By all accounts, his Hollywood magnetism continues to charm Sacramento, the stodgy state capital, persuading Democratic legislators to back his Republican programs.

And, he has surpised many by revealing admirable political talent during a tough honeymoon period, said Ray Sotero, a Democratic aide in the capital. "He's pretty incredible. He doesn't miss much," he said.

Moreover, the actor and his Kennedy-clan heiress wife Maria Shriver have injected some Hollywood pizzazz into life in the capital.

The pair are frequently seen about town in tony restaurants as tourists flock to have their pictures taken in front of his office door, where a large new sign proclaims: "Governor Arnold Schwarzenegger."

After outlining a list of projected accomplishments for his first 100 days in office, he has managed to follow through with some, but the list of concrete achievements is not long.

He repealed an unpopular vehicle tax, revoked a bill which would give driver's licenses to illegal immigrants, imposed a spending freeze and also submitted a balanced budget for the 2004-2005 fiscal year which does not raise taxes, another promise.

However, to do so, and to fill an estimated 30-billion-dollar budget shortfall over two years, Schwarzenegger announced only after being elected that he wanted the state borrow 15 billion dollars in a bond issue.

California voters, who have to approve the bond in a crucial March 2 referendum, clearly are not comfortable with the idea of the state going further into debt, leaving the "Govern-ator" facing his biggest test yet.

A recent poll by the Public Policy Institute of California showed only 38 percent of voters support the measure, and 41 percent oppose it.

Defeat of the initiative next week, most observers say, would be disastrous for the governor and he is spending heavily on television and radio advertising to avert the threat.

But the way he is paying for his media blitz has drawn more attention to his other election promise, to reform campaign financing and rid Sacramento of money politics once and for all.

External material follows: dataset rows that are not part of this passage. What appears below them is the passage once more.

(* Consider Algorithm 1 applied to $\min\varphi(w)$ s.t. $w\in D$, assume the inner loop always terminates, and let $\{w^j\}$ be the resulting infinite sequence of outer iterates. Assume that $\varphi$ is bounded from below and uniformly continuous on $\mathcal S_\varphi(w^0):=\{w\in D:\varphi(w)\le\varphi(w^0)\}$. Then $\|w^{j+1}-w^j\|\to0$ as $j\to\infty$.
   Context: $\mathbb W$ is a Euclidean space, $\varphi\colon\mathbb W\to\mathbb R$ continuously differentiable, $D\subset\mathbb W$ nonempty and closed (neither need be convex). Algorithm 1 (general spectral gradient method, without termination test): parameters $\tau>1$, $\sigma\in(0,1)$, $0<\gamma_{\min}\le\gamma_{\max}<\infty$, $m\in\mathbb N$, starting point $w^0\in D$. For $j=0,1,2,\dots$: set $m_j:=\min(j,m)$ and choose $\gamma_j^0\in[\gamma_{\min},\gamma_{\max}]$; for $i=1,2,\dots$ set $\gamma_{j,i}:=\tau^{i-1}\gamma_j^0$ and compute a (global) solution $w^{j,i}$ of $\min_w \varphi(w^j)+\langle\nabla\varphi(w^j),w-w^j\rangle+\frac{\gamma_{j,i}}2\|w-w^j\|^2$ s.t. $w\in D$ (subproblem $Q(j,i)$); the inner loop stops at the first $i$ with $\varphi(w^{j,i})\le\max_{r=0,\dots,m_j}\varphi(w^{j-r})+\sigma\langle\nabla\varphi(w^j),w^{j,i}-w^j\rangle$; then set $i_j:=i$, $\gamma_j:=\gamma_{j,i_j}$, $w^{j+1}:=w^{j,i_j}$. *)

From HB Require Import structures.
From mathcomp Require Import all_boot all_order all_algebra.
From mathcomp Require Import all_classical all_reals all_analysis.
Set Implicit Arguments. Unset Strict Implicit. Unset Printing Implicit Defensive.
Import Order.TTheory GRing.Theory Num.Theory.
Import numFieldNormedType.Exports.
Local Open Scope ring_scope.

(* The Euclidean space W is modelled as R^n = 'rV[R]_n with the standard
   inner product and the induced Euclidean norm. *)

Definition dotE (R : realType) (n : nat) (u v : 'rV[R]_n) : R :=
  \sum_(i < n) u ord0 i * v ord0 i.

Definition normE (R : realType) (n : nat) (u : 'rV[R]_n) : R :=
  Num.sqrt (dotE u u).

Definition C1_with_gradient (R : realType) (n : nat)
  (phi : 'rV[R]_n -> R) (grad : 'rV[R]_n -> 'rV[R]_n) : Prop :=
  (forall w, differentiable phi w /\ forall v, 'd phi w v = dotE (grad w) v)
  /\ continuous grad.

Definition Qmodel (R : realType) (n : nat)
  (phi : 'rV[R]_n -> R) (grad : 'rV[R]_n -> 'rV[R]_n)
  (wj : 'rV[R]_n) (gam : R) (w : 'rV[R]_n) : R :=
  phi wj + dotE (grad wj) (w - wj) + gam / 2 * normE (w - wj) ^+ 2.

Definition solves_Q (R : realType) (n : nat)
  (phi : 'rV[R]_n -> R) (grad : 'rV[R]_n -> 'rV[R]_n) (D : set 'rV[R]_n)
  (wj : 'rV[R]_n) (gam : R) (x : 'rV[R]_n) : Prop :=
  D x /\ forall v, D v -> Qmodel phi grad wj gam x <= Qmodel phi grad wj gam v.

Definition refval (R : realType) (n : nat) (phi : 'rV[R]_n -> R)
  (w : nat -> 'rV[R]_n) (m j : nat) : R :=
  \big[Num.max/phi (w j)]_(r < (minn j m).+1) phi (w (j - r)%N).

Definition accepted (R : realType) (n : nat)
  (phi : 'rV[R]_n -> R) (grad : 'rV[R]_n -> 'rV[R]_n) (sigma : R)
  (w : nat -> 'rV[R]_n) (m j : nat) (x : 'rV[R]_n) : Prop :=
  phi x <= refval phi w m j + sigma * dotE (grad (w j)) (x - w j).

(* (w, gam0, wt, ii) is a run of Algorithm 1 (infinite, every inner loop
   terminating): gam0 j = gamma_j^0, wt j i = w^{j,i}, ii j = i_j. *)
Definition alg1_run (R : realType) (n : nat)
  (phi : 'rV[R]_n -> R) (grad : 'rV[R]_n -> 'rV[R]_n) (D : set 'rV[R]_n)
  (tau sigma gmin gmax : R) (m : nat)
  (w : nat -> 'rV[R]_n) (gam0 : nat -> R) (wt : nat -> nat -> 'rV[R]_n)
  (ii : nat -> nat) : Prop :=
  D (w 0%N) /\
  forall j : nat,
    [/\ gmin <= gam0 j <= gmax,
        (1 <= ii j)%N,
        (forall i : nat, (1 <= i <= ii j)%N ->
           solves_Q phi grad D (w j) (tau ^+ i.-1 * gam0 j) (wt j i)),
        (forall i : nat, (1 <= i < ii j)%N ->
           ~ accepted phi grad sigma w m j (wt j i)) &
        accepted phi grad sigma w m j (wt j (ii j)) /\
        w j.+1 = wt j (ii j)].

From HB Require Import structures.
From mathcomp Require Import all_boot all_order all_algebra.
From mathcomp Require Import all_classical all_reals all_analysis.
From mathcomp Require Import lra zify.
Set Implicit Arguments. Unset Strict Implicit. Unset Printing Implicit Defensive.
Import Order.TTheory GRing.Theory Num.Theory.
Import numFieldNormedType.Exports.
Local Open Scope ring_scope.
Local Open Scope classical_set_scope.

(* Proof idea (Grippo-Lampariello-Lucidi style nonmonotone line search).
   Write f_j := phi(w^j), d_j := ||w^{j+1} - w^j|| and let V_j be the
   reference value max_{r <= min(j,m)} f_{j-r}.  Testing the subproblem
   Q(j,i_j) against the feasible point w^j gives the model decrease
   <grad, w^{j+1} - w^j> <= -(gamma_j/2) d_j^2, so the acceptance test yields
     f_{j+1} <= V_j - c d_j^2      with c = sigma * gamma_min / 2.
   The file first treats this inequality abstractly, for real sequences:
   V is nonincreasing (so every f_j <= f_0, the iterates stay in the level
   set), bounded below, hence V_j decreases to its infimum V*.  At a peak
   index l (where f_l = V_j for some j >= l) f_l is close to V*; the descent
   inequality and uniform continuity then propagate closeness to V* and
   smallness of d backwards, one index at a time, over the m+1 indices before
   the peak.  Since every window of length m+1 contains a peak, d_j -> 0.
   Afterwards the descent inequality is derived for a run of Algorithm 1. *)

Definition winmax (R : realType) (f : nat -> R) (m j : nat) : R :=
  \big[Num.max/f j]_(r < (minn j m).+1) f (j - r)%N.

Lemma refvalE (R : realType) (n : nat) (phi : 'rV[R]_n -> R)
  (w : nat -> 'rV[R]_n) (m : nat) :
  refval phi w m = winmax (fun j => phi (w j)) m.
Proof. by []. Qed.

Lemma winmax_ge (R : realType) (f : nat -> R) (m j r : nat) :
  (r <= minn j m)%N -> f (j - r)%N <= winmax f m j.
Proof.
move=> hr; have hr' : (r < (minn j m).+1)%N by [].
exact: (le_bigmax _ (fun k : 'I_(minn j m).+1 => f (j - k)%N) (Ordinal hr')).
Qed.

Lemma winmax_attained (R : realType) (f : nat -> R) (m j : nat) :
  exists2 r, (r <= minn j m)%N & winmax f m j = f (j - r)%N.
Proof.
set F := fun k : 'I_(minn j m).+1 => f (j - k)%N.
case: (@arg_maxP _ _ _ ord0 predT F isT) => r _ r_max.
exists r; first by rewrite -ltnS.
apply/le_anti; rewrite (winmax_ge _ (_ : (r <= minn j m)%N)) ?andbT;
  last by rewrite -ltnS.
apply: bigmax_le => [|k _]; last exact: r_max.
by have := r_max ord0 isT; rewrite /F subn0.
Qed.

Section NonmonotoneDescent.
Variables (R : realType) (f d : nat -> R) (m : nat) (c : R).
Hypothesis c_gt0 : 0 < c.
Hypothesis descent : forall j, f j.+1 <= winmax f m j - c * d j ^+ 2.

Local Notation V := (winmax f m).

(* The newest term of window j+1 is below V_j, the others belong to
   window j. *)
Lemma winmax_nonincreasing j : V j.+1 <= V j.
Proof.
have [[|r] hr ->] := winmax_attained f m j.+1.
  rewrite subn0; apply: le_trans (descent j) _.
  by rewrite lerBlDr lerDl mulr_ge0 ?sqr_ge0 ?ltW.
by rewrite subSS; apply: winmax_ge; move: hr; lia.
Qed.

Lemma winmax_le i j : (i <= j)%N -> V j <= V i.
Proof.
elim: j => [|j IH]; first by rewrite leqn0 => /eqP ->.
rewrite leq_eqVlt => /orP[/eqP -> //|]; rewrite ltnS => /IH.
exact: le_trans (winmax_nonincreasing j).
Qed.

Lemma le_start j : f j <= f 0%N.
Proof.
have V0 : V 0%N = f 0%N by have [r _ ->] := winmax_attained f m 0%N.
rewrite -V0; apply: le_trans (winmax_le (leq0n j)).
by have := winmax_ge f (leq0n (minn j m)); rewrite subn0.
Qed.

Variable L : R.
Hypothesis f_bounded : forall j, L <= f j.
Hypothesis d_ge0 : forall j, 0 <= d j.
Hypothesis f_uc : forall eps, 0 < eps -> exists2 delta, 0 < delta &
  forall j, d j < delta -> `|f j.+1 - f j| < eps.

Let Vinf := inf (range V).

Lemma V_has_lbound : has_lbound (range V).
Proof.
exists L => _ [j _ <-]; have [r _ ->] := winmax_attained f m j.
exact: f_bounded.
Qed.

Lemma Vinf_le j : Vinf <= V j.
Proof. by apply: (ge_inf V_has_lbound); exists j. Qed.

Lemma V_near_Vinf eps : 0 < eps -> exists N, forall j, (N <= j)%N -> V j < Vinf + eps.
Proof.
move=> eps_gt0.
have hinf : has_inf (range V) by split; [exists (V 0%N), 0%N | exact: V_has_lbound].
have [_ [N _ <-] VN] := inf_adherent eps_gt0 hinf.
by exists N => j hj; apply: le_lt_trans VN; apply: winmax_le.
Qed.

(* Backward step: far out, if f_{i+1} is close to Vinf then the step d_i is
   small (descent inequality) and hence f_i is close to Vinf too (uniform
   continuity). *)
Lemma back_step eps : 0 < eps -> exists2 eta, 0 < eta <= eps & exists N,
  forall i, (N <= i)%N -> `|f i.+1 - Vinf| < eta -> `|f i - Vinf| < eps /\ d i < eps.
Proof.
move=> eps_gt0; have eps2_gt0 : 0 < eps / 2 by rewrite divr_gt0.
have [delta delta_gt0 uc] := f_uc eps2_gt0.
pose e := Num.min eps delta.
have e_gt0 : 0 < e by rewrite lt_min eps_gt0.
pose eta := Num.min (eps / 2) (c * e ^+ 2 / 2).
have eta_le : eta <= eps / 2 /\ eta <= c * e ^+ 2 / 2.
  by split; rewrite ge_min lexx ?orbT.
have eta_gt0 : 0 < eta by rewrite lt_min eps2_gt0 !(divr_gt0, mulr_gt0, exprn_gt0).
exists eta; first by rewrite eta_gt0 /=; lra.
have [N VN] := V_near_Vinf eta_gt0.
exists N => i iN; rewrite ltr_norml => /andP[close_l close_r].
have d_small : d i < e.
  have c_d2 : c * d i ^+ 2 < c * e ^+ 2.
    by have := descent i; have := VN i iN; lra.
  by rewrite -(ltr_pXn2r (_ : 0 < 2)%N) ?nnegrE ?d_ge0 ?ltW // -(ltr_pM2l c_gt0).
have d_delta : d i < delta by apply: lt_le_trans d_small _; rewrite ge_min lexx orbT.
have := uc i d_delta; rewrite ltr_norml => /andP[uc_l uc_r].
split; last by apply: lt_le_trans d_small _; rewrite ge_min lexx.
rewrite ltr_norml; apply/andP; split; lra.
Qed.

Definition peak (l : nat) : Prop := exists2 j, (l <= j)%N & V j = f l.

Lemma peak_tail K eps : 0 < eps -> exists N, forall l, peak l -> (N <= l)%N ->
  forall k, (k <= K)%N ->
    `|f (l - k)%N - Vinf| < eps /\ ((k < K)%N -> d (l - k.+1)%N < eps).
Proof.
elim: K eps => [|K IH] eps eps_gt0.
  have [N VN] := V_near_Vinf eps_gt0.
  exists N => l [j lj Vj] lN k; rewrite leqn0 => /eqP -> {k}; split => //.
  rewrite subn0 -Vj ger0_norm ?subr_ge0 ?Vinf_le // ltrBlDl.
  by apply: VN; apply: leq_trans lj.
have [eta /andP[eta_gt0 eta_le] [N2 back]] := back_step eps_gt0.
have [N1 tail] := IH eta eta_gt0.
exists (maxn N1 (N2 + K.+1)) => l peak_l; rewrite geq_max => /andP[lN1 lN2] k kK.
pose i := (l - K.+1)%N.
have ei : (l - K)%N = i.+1 by rewrite /i; lia.
have [iclose idsmall] : `|f i - Vinf| < eps /\ d i < eps.
  apply: back; first by rewrite /i; lia.
  by rewrite -ei; have [] := tail l peak_l lN1 K (leqnn K).
have [kK'|Kltk] := leqP k K.
  have [fk dk] := tail l peak_l lN1 k kK'.
  split; first exact: lt_le_trans fk eta_le.
  move=> _; have [kltK|Klek] := ltnP k K; first exact: lt_le_trans (dk kltK) eta_le.
  by have -> : k = K by lia.
have -> : k = K.+1 by lia.
by split; [exact: iclose | rewrite ltnn].
Qed.

Lemma nonmonotone_steps_cvg0 : d @ \oo --> (0 : R).
Proof.
apply/cvgrPdist_lt => eps eps_gt0.
have [N tail] := peak_tail m.+1 eps_gt0.
exists N => // j /= jN; rewrite sub0r normrN ger0_norm ?d_ge0 //.
have [r rJ eJ] := winmax_attained f m (j + m.+1).
have rm : (r <= m)%N by move: rJ; rewrite leq_min => /andP[].
pose l := (j + m.+1 - r)%N.
have peak_l : peak l by exists (j + m.+1)%N; [rewrite /l leq_subr | exact: eJ].
have lN : (N <= l)%N by rewrite /l; lia.
have kbound : (l - j.+1 <= m.+1)%N by rewrite /l; lia.
have [_ dsmall] := tail l peak_l lN _ kbound.
have ej : (l - (l - j.+1).+1)%N = j by rewrite /l; lia.
by rewrite -ej; apply: dsmall; rewrite /l; lia.
Qed.

End NonmonotoneDescent.

Section SubproblemDecrease.
Variables (R : realType) (n : nat) (phi : 'rV[R]_n -> R)
  (grad : 'rV[R]_n -> 'rV[R]_n) (D : set 'rV[R]_n).

Lemma dotE0 (u : 'rV[R]_n) : dotE u 0 = 0.
Proof. by rewrite /dotE big1 // => i _; rewrite mxE mulr0. Qed.

Lemma normE0 : normE (0 : 'rV[R]_n) = 0.
Proof. by rewrite /normE dotE0 sqrtr0. Qed.

Lemma Qmodel_center (wj : 'rV[R]_n) (gam : R) : Qmodel phi grad wj gam wj = phi wj.
Proof. by rewrite /Qmodel subrr dotE0 normE0 expr0n /= mulr0 !addr0. Qed.

(* Comparing a solution of the subproblem with the feasible centre: the
   linear term is at least as negative as the proximal term is positive. *)
Lemma solves_Q_model_decrease (wj x : 'rV[R]_n) (gam : R) :
  D wj -> solves_Q phi grad D wj gam x ->
  dotE (grad wj) (x - wj) + gam / 2 * normE (x - wj) ^+ 2 <= 0.
Proof.
move=> Dwj [_ x_min]; have := x_min wj Dwj.
rewrite Qmodel_center /Qmodel; lra.
Qed.

Lemma accepted_sufficient_decrease (sigma gmin gam : R) (w : nat -> 'rV[R]_n)
  (m j : nat) (x : 'rV[R]_n) :
  0 < sigma -> gmin <= gam -> D (w j) -> solves_Q phi grad D (w j) gam x ->
  accepted phi grad sigma w m j x ->
  phi x <= refval phi w m j - sigma * gmin / 2 * normE (x - w j) ^+ 2.
Proof.
move=> sigma_gt0 gmin_le Dwj x_sol; rewrite /accepted.
have model := mulr_ge0_le0 (ltW sigma_gt0) (solves_Q_model_decrease Dwj x_sol).
have extra : 0 <= sigma * (gam - gmin) * normE (x - w j) ^+ 2.
  by rewrite mulr_ge0 ?sqr_ge0 // mulr_ge0 ?subr_ge0 // ltW.
lra.
Qed.

End SubproblemDecrease.

Section Algorithm1Run.
Variables (R : realType) (n : nat) (phi : 'rV[R]_n -> R)
  (grad : 'rV[R]_n -> 'rV[R]_n) (D : set 'rV[R]_n)
  (tau sigma gmin gmax : R) (m : nat) (w : nat -> 'rV[R]_n)
  (gam0 : nat -> R) (wt : nat -> nat -> 'rV[R]_n) (ii : nat -> nat).
Hypothesis tau_ge1 : 1 <= tau.
Hypothesis gmin_ge0 : 0 <= gmin.
Hypothesis run : alg1_run phi grad D tau sigma gmin gmax m w gam0 wt ii.

Let gam (j : nat) : R := tau ^+ (ii j).-1 * gam0 j.

Lemma run_step j :
  solves_Q phi grad D (w j) (gam j) (w j.+1) /\ accepted phi grad sigma w m j (w j.+1).
Proof.
have [_ ii_ge1 solves _ [acc ->]] := run.2 j.
by split => //; apply: solves; rewrite ii_ge1 leqnn.
Qed.

Lemma run_feasible j : D (w j).
Proof. by case: j => [|j]; [exact: run.1 | have [[]] := run_step j]. Qed.

(* The backtracking only enlarges gamma_j^0 >= gamma_min. *)
Lemma run_gam_ge j : gmin <= gam j.
Proof.
have [/andP[gmin_le _] _ _ _ _] := run.2 j.
have gam0_ge0 : 0 <= gam0 j := le_trans gmin_ge0 gmin_le.
by apply: (le_trans gmin_le); rewrite /gam ler_peMl // exprn_ege1.
Qed.

Lemma run_descent (sigma_gt0 : 0 < sigma) j :
  phi (w j.+1) <= refval phi w m j - sigma * gmin / 2 * normE (w j.+1 - w j) ^+ 2.
Proof.
have [sol acc] := run_step j.
exact: accepted_sufficient_decrease sigma_gt0 (run_gam_ge j) (run_feasible j) sol acc.
Qed.

End Algorithm1Run.

Theorem mainTheorem4 (R : realType) (n : nat)
  (phi : 'rV[R]_n -> R) (grad : 'rV[R]_n -> 'rV[R]_n) (D : set 'rV[R]_n)
  (tau sigma gmin gmax : R) (m : nat)
  (w : nat -> 'rV[R]_n) (gam0 : nat -> R) (wt : nat -> nat -> 'rV[R]_n)
  (ii : nat -> nat) :
  C1_with_gradient phi grad ->
  closed D ->
  1 < tau -> 0 < sigma < 1 -> 0 < gmin -> gmin <= gmax ->
  alg1_run phi grad D tau sigma gmin gmax m w gam0 wt ii ->
  (exists L : R, forall v, D v -> phi v <= phi (w 0%N) -> L <= phi v) ->
  (forall eps : R, 0 < eps -> exists2 delta : R, 0 < delta &
     forall u v, D u -> phi u <= phi (w 0%N) -> D v -> phi v <= phi (w 0%N) ->
       normE (u - v) < delta -> `|phi u - phi v| < eps) ->
  (fun j : nat => normE (w j.+1 - w j)) @ \oo --> (0 : R).
Proof.
move=> _ _ tau_gt1 /andP[sigma_gt0 _] gmin_gt0 _ run [L phi_bounded] phi_uc.
pose f j := phi (w j).
pose d j := normE (w j.+1 - w j).
have c_gt0 : 0 < sigma * gmin / 2 by rewrite divr_gt0 ?mulr_gt0.
have descent j : f j.+1 <= winmax f m j - sigma * gmin / 2 * d j ^+ 2.
  by rewrite /f -refvalE; exact: run_descent (ltW tau_gt1) (ltW gmin_gt0) run sigma_gt0 j.
have feasible := run_feasible run.
have level j : f j <= f 0%N := le_start c_gt0 descent j.
apply: (nonmonotone_steps_cvg0 c_gt0 descent (L := L)).
- by move=> j; apply: phi_bounded (feasible j) (level j).
- by move=> j; apply: sqrtr_ge0.
- move=> eps eps_gt0; have [delta delta_gt0 uc] := phi_uc eps eps_gt0.
  by exists delta => // j; apply: uc; rewrite ?feasible ?level.
Qed.
(* Each set A, B, C is a window [lo,hi] symmetric about a centre
   [c/2] (its defining conditions are invariant under [s |-> c - s]).  By
   Pascal's rule [binom a s = binom (a-1) s + binom (a-1) (s-1)] the two
   integrands differ by a difference [H s - H (s-1)] of a product
   [H s = binom (M-1) _ * binom (M-2) _].  Reflecting the shifted term
   about the window turns the difference of the integrals into the integral
   of [H s - H (lo + hi - 1 - s)], an antisymmetric function which is
   nonnegative on the right half; such an integral is nonnegative.  The
   sign on the right half comes from the Gamma functional equation, which
   factors [H s - H (c - 1 - s)] as a nonnegative product times a linear
   factor in [s]. *)

From Stdlib Require Import Reals Lra Lia Factorial ClassicalEpsilon.
From Coquelicot Require Import Coquelicot.
Open Scope R_scope.

Lemma INR_S_pos (k : nat) : 0 < INR (S k).
Proof. apply lt_0_INR; lia. Qed.

Lemma INR_fact_pos (k : nat) : 0 < INR (fact k).
Proof. apply lt_0_INR, lt_O_fact. Qed.

Lemma Rpower_pos (a b : R) : 0 < Rpower a b.
Proof. apply exp_pos. Qed.

Lemma poch_succ_l (k : nat) (x : R) : poch x (S k) = x * poch (x + 1) k.
Proof.
  revert x; induction k as [|k IH]; intros x.
  - cbn [poch]; simpl INR; ring.
  - change (poch x (S (S k))) with (poch x (S k) * (x + INR (S k))).
    rewrite IH; cbn [poch]; rewrite S_INR; ring.
Qed.

Lemma poch_pos (k : nat) (x : R) : 0 < x -> 0 < poch x k.
Proof.
  intros Hx; induction k as [|k IH]; cbn [poch]; [lra|].
  apply Rmult_lt_0_compat; [exact IH|]. pose proof (pos_INR k); lra.
Qed.

(* The Gauss sequence with the factor [t] removed:
   [rgamma_seq t k = t * gauss_core k t].  For [t] in [0,1] it decreases in
   [k] at a rate [O(1/k^2)], which drives all the analysis of [rgamma]. *)
Definition gauss_core (k : nat) (t : R) : R :=
  poch (t + 1) (S k) / (INR (fact (S k)) * Rpower (INR (S k)) t).

Lemma rgamma_seq_core (k : nat) (t : R) : rgamma_seq t k = t * gauss_core k t.
Proof.
  unfold rgamma_seq, gauss_core; rewrite (poch_succ_l (S k)).
  pose proof (INR_fact_pos (S k)); pose proof (Rpower_pos (INR (S k)) t).
  field; split; lra.
Qed.

Lemma rgamma_seq_core_succ (k : nat) (t : R) :
  rgamma_seq (t + 1) k = gauss_core k t * (t + 1 + INR (S k)) / INR (S k).
Proof.
  unfold rgamma_seq, gauss_core.
  change (poch (t + 1) (S (S k))) with (poch (t + 1) (S k) * (t + 1 + INR (S k))).
  rewrite Rpower_plus, Rpower_1 by apply INR_S_pos.
  pose proof (INR_fact_pos (S k)); pose proof (Rpower_pos (INR (S k)) t).
  pose proof (INR_S_pos k).
  field; repeat split; lra.
Qed.

Lemma gauss_core_pos (k : nat) (t : R) : 0 <= t -> 0 < gauss_core k t.
Proof.
  intros Ht; apply Rdiv_lt_0_compat; [apply poch_pos; lra|].
  apply Rmult_lt_0_compat; [apply INR_fact_pos | apply Rpower_pos].
Qed.

Lemma gauss_core_0 (t : R) : gauss_core 0 t = t + 1.
Proof.
  unfold gauss_core, Rpower; cbn [poch fact]; simpl INR.
  rewrite ln_1, Rmult_0_r, exp_0; field.
Qed.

After accusing his predecessor of spending too much time as governor raising political funds, Schwarzenegger himself has pulled in more than 120,000 dollars a day since his inauguration, critics note.

Much of the money has come from wealthy individuals and corporations with vested interests in the governor's policies.

"This really outpaces Gray Davis," said Carmen Balber of the Foundation for Taxpayer and Consumer Rights, which operates the ArnoldWatch website.

"He has gone hat in hand to every major corporate and lobbying interest in Sacramento," Balber said.

Asked about the fund-raiser this week, Schwarzenegger argued that raising the funds was justifiable because it is "the way the system works."

But even if he gets his bond measure passed, economists say he still has more budget hurdles ahead.

Also during the week, non-partisan Sacramento budget analyst Elizabeth Hill said the governor's projections were over-optimistic and that he would likely face a five billion dollar hole in the 2005-2006 budget.

Hill's projections lead many to believe the governor will have no choice but to raise taxes, something he foreswore repeatedly during his campaign. Some political observers think this would put an end to Schwarzenegger's political honeymoon.

One thing is for certain, then: just like in his movies, with Governor Schwarzenegger there is still a lot of action to come.